5.3 Where Is the Limitation of QE?

In this section, we would like to perform a case-study based on our results on development set. Since the distributions of our system’s output and the real-world QE scores differ a lot, as shown in Fig. 1, we mainly compare the ranking for the same sentence in different methods. Namely, we would rank the whole development set according to scores provided by our system and the golden label, and compare the discrepancy of ranking for the same sentence in different systems.

In summary, there are two problems impede the performance of our model.

Firstly, our model relies too much on the syntactic consistency while ignoring semantic understandability to evaluate a translation. Given a translated sentence with syntactically consistent structure, our model would assign a very high score even when the translation is semantically erroneous (Fig. 4).

Fig. 4.
figure 4

Distribution of DA scores on development set. Solid line denotes the output of our system, and dashed line denotes the golden labels.

As shown in Table 5, although Translation 2 is much better than Translation 1, our method would still assign a higher evaluation score for Translation1 since the syntactic structure is more consistent.

Table 5. Wrong prediction caused by syntactical inconsistency.

This problem originates from pre-trained models themselves, as it is very likely for pre-trained models to rely on spurious statistical cues when doing prediction [22], while not really understand the sentence meaning. Most sentence pairs with a consistent syntactic structure are assigned with a higher score in our training data, which is captured by our model and used as an inappropriate criterion for evaluation.

The second problem is that our system fails to detect erroneously translated words, especially when prior knowledge is in need.

As shown in Table 6, for the first sentence, the provided model mistranslated the word Judah, which is a country, as a name. And in the second sentence, the word consulship, which refers to a period, is mistranslated as a building. To understand why these words are mistranslated, you may need related history knowledge.

Table 6. Wrong prediction caused by mistranslated words.

The mistranslation of these key information makes the whole sentence beyond understanding, but since there is no grammatic error and the syntactic structure is appropriate, our model refers to them as good translations.

For the first problem, we believe it can be alleviated by strategically picked training samples, with more sentence-pairs syntactically inconsistent but semantically correct. We will leave this as our future work.

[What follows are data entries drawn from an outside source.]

(* Let $n\ge3$, $I$ a finite nonempty set, $G=\mathrm{H}_n^{(I)}$ with projections $\pi_i\colon G\to\mathrm{H}_n$, and $H\le G$. If $HM(G)=G$ and $\pi_i(H)=\mathrm{H}_n$ for all $i\in I$, then $H=G$.
   Context: $M(G)$ is the intersection of all maximal normal subgroups of a finite group $G$. $V=\mathbb{F}_2^n$, $\mathrm{H}_n=V\rtimes S_n$ with $S_n$ permuting coordinates; total sign $\chi(x\tau)=(-1)^{\sum_ix_i}$; $\mathrm{H}_n^{(I)}=\{(g_i)_{i\in I}\in\mathrm{H}_n^I:\chi(g_i)=\chi(g_j)\ \forall i,j\in I\}$. *)

From HB Require Import structures.
From mathcomp Require Import all_boot all_order all_fingroup all_solvable.
Set Implicit Arguments. Unset Strict Implicit. Unset Printing Implicit Defensive.
Local Open Scope group_scope.

(* Hyperoctahedral group H_n = F_2^n >< S_n realised as the group of signed
   permutations: permutations of 'I_n * bool commuting with the sign flip. *)
Definition flip n (x : 'I_n * bool) : 'I_n * bool := (x.1, ~~ x.2).

Definition Hn (n : nat) : {set {perm ('I_n * bool)}} :=
  [set g : {perm ('I_n * bool)} | [forall x, g (flip x) == flip (g x)]].

(* total sign chi(x tau) = (-1)^(sum_i x_i): parity of the number of
   coordinates whose sign is flipped (true = odd = -1). *)
Definition tsign n (f : 'I_n * bool -> 'I_n * bool) : bool :=
  odd #|[set k : 'I_n | (f (k, false)).2]|.

Definition proj (I : finType) n (i : I) (g : {perm (I * ('I_n * bool))})
  : 'I_n * bool -> 'I_n * bool := fun x => (g (i, x)).2.

(* H_n^(I): tuples (g_i)_{i in I} in H_n^I with all chi(g_i) equal, realised as
   fibre-preserving permutations of I x ('I_n * bool) (g (i,x) = (i, g_i x)). *)
Definition HnI (I : finType) (n : nat) : {set {perm (I * ('I_n * bool))}} :=
  [set g : {perm (I * ('I_n * bool))} | [forall i, forall x, (g (i, x)).1 == i]
        && [forall i, forall x, proj i g (flip x) == flip (proj i g x)]
        && [forall i, forall j, tsign (proj i g) == tsign (proj j g)]].

Definition piH (I : finType) n (i : I) (H : {set {perm (I * ('I_n * bool))}})
  : {set {perm ('I_n * bool)}} :=
  [set h : {perm ('I_n * bool)} | [exists g in H, [forall x, proj i g x == h x]]].

Definition Mset (gT : finGroupType) (G : {set gT}) : {set gT} :=
  G :&: \bigcap_(N : {group gT} | maxnormal N G G) N.

(* By induction on J, every g in G = H_n^(I) agrees on the coordinates in J
   with some h in H; for J = I this gives g = h.  Adding a coordinate i to a
   nonempty J: let B be the subgroup of elements of H trivial on J.  If all of
   B had even permutation part at i, then g |-> par_i(h) + par_i(g), with h in H
   agreeing with g on J, would be a well-defined morphism G -> Z/2 vanishing on
   H but not on a transposition at coordinate i; its kernel would be a maximal
   normal subgroup containing H and M(G), contradicting HM(G) = G.  So pi_i(B)
   is a normal subgroup of pi_i(H) = H_n, contained in D_n = ker chi (its
   elements have the total sign of their trivial J-coordinates) and containing
   an element with odd permutation part.  For n >= 3 this forces pi_i(B) = D_n:
   commutators with a sign flip give all double flips, hence all even flip
   sets, and the permutation parts then form a normal subgroup of S_n with an
   odd element, i.e. all of S_n.  Correcting h at i by an element of B then
   extends the agreement to i. *)

From HB Require Import structures.
From mathcomp Require Import all_boot all_order all_fingroup all_solvable.
Set Implicit Arguments. Unset Strict Implicit. Unset Printing Implicit Defensive.
Local Open Scope group_scope.

Section PermOrId.
Variable T : finType.

Definition inj_or_id (f : T -> T) : T -> T := if injectiveb f then f else id.

Lemma inj_or_id_inj f : injective (inj_or_id f).
Proof. by rewrite /inj_or_id; case: injectiveP => // _ x y. Qed.

Definition perm_or_id f : {perm T} := perm (@inj_or_id_inj f).

Lemma perm_or_idE f : injective f -> perm_or_id f =1 f.
Proof. by move=> injf x; rewrite permE /inj_or_id; case: injectiveP. Qed.

End PermOrId.

Section SymmetricGroup.
Variable T : finType.
Implicit Types (x y z u v : T) (r s : {perm T}).

Lemma perm_map_uniq (s t : seq T) :
  uniq s -> uniq t -> size s = size t -> exists r : {perm T}, map r s = t.
Proof.
move=> us ut st; have sT : size s <= #|T| by rewrite -(card_uniqP us) max_card.
have inT m (w : m.-tuple T) : w \subset [set: T] by apply/subsetP=> x; rewrite inE.
have /atransP2 := ntransitive_weak sT (Sym_trans T).
move=> /(_ (in_tuple s) (Tuple (introT eqP (esym st)))).
rewrite !inE us ut /= => /(_ (inT _ _) (inT _ _)) [r _ /(congr1 val) /= ->].
by exists r.
Qed.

Since both QE model and MT model are based on deep-learning, QE can barely solve these problems which MT model cannot solve. More training data may help to alleviate this problem, but can hardly solve it, as more training data does not really introduce structured prior knowledge. We believe this is the limitation of QE.

6 Conclusion

Machine translation quality estimation (Quality Estimation, QE) aims to evaluate the quality of machine translation automatically without reference provided. Despite it has attracted a lot of research interest recent years, few works have been done to deal with QE in an unsupervised manner.

In this paper, we have devised an unsupervised approach to QE where we do not rely on any glass-box features. We create massive pseudo data based on automatic machine translation evaluation (MTE) metrics such as BLEU, TER and BERTscore, from publicly accessible machine translation parallel dataset. Then we use the MTE-based QE data to fine-tune multilingual pre-trained models, to predict direct assessment (DA) scores. Our approach surpassed previous unsupervised methods by a large margin, and even surpassed supervised methods, proving the effectiveness of incorporating MTE metrics into QE.

Despite the lack of human-annotated DA scores, the MTE metrics can provide a highly reliable evaluation for machine translated sentences, and enable us to perform QE in an unsupervised way. We will continue to explore the application of MTE in QE models, and try to reach the limitation of deep-learning based QE.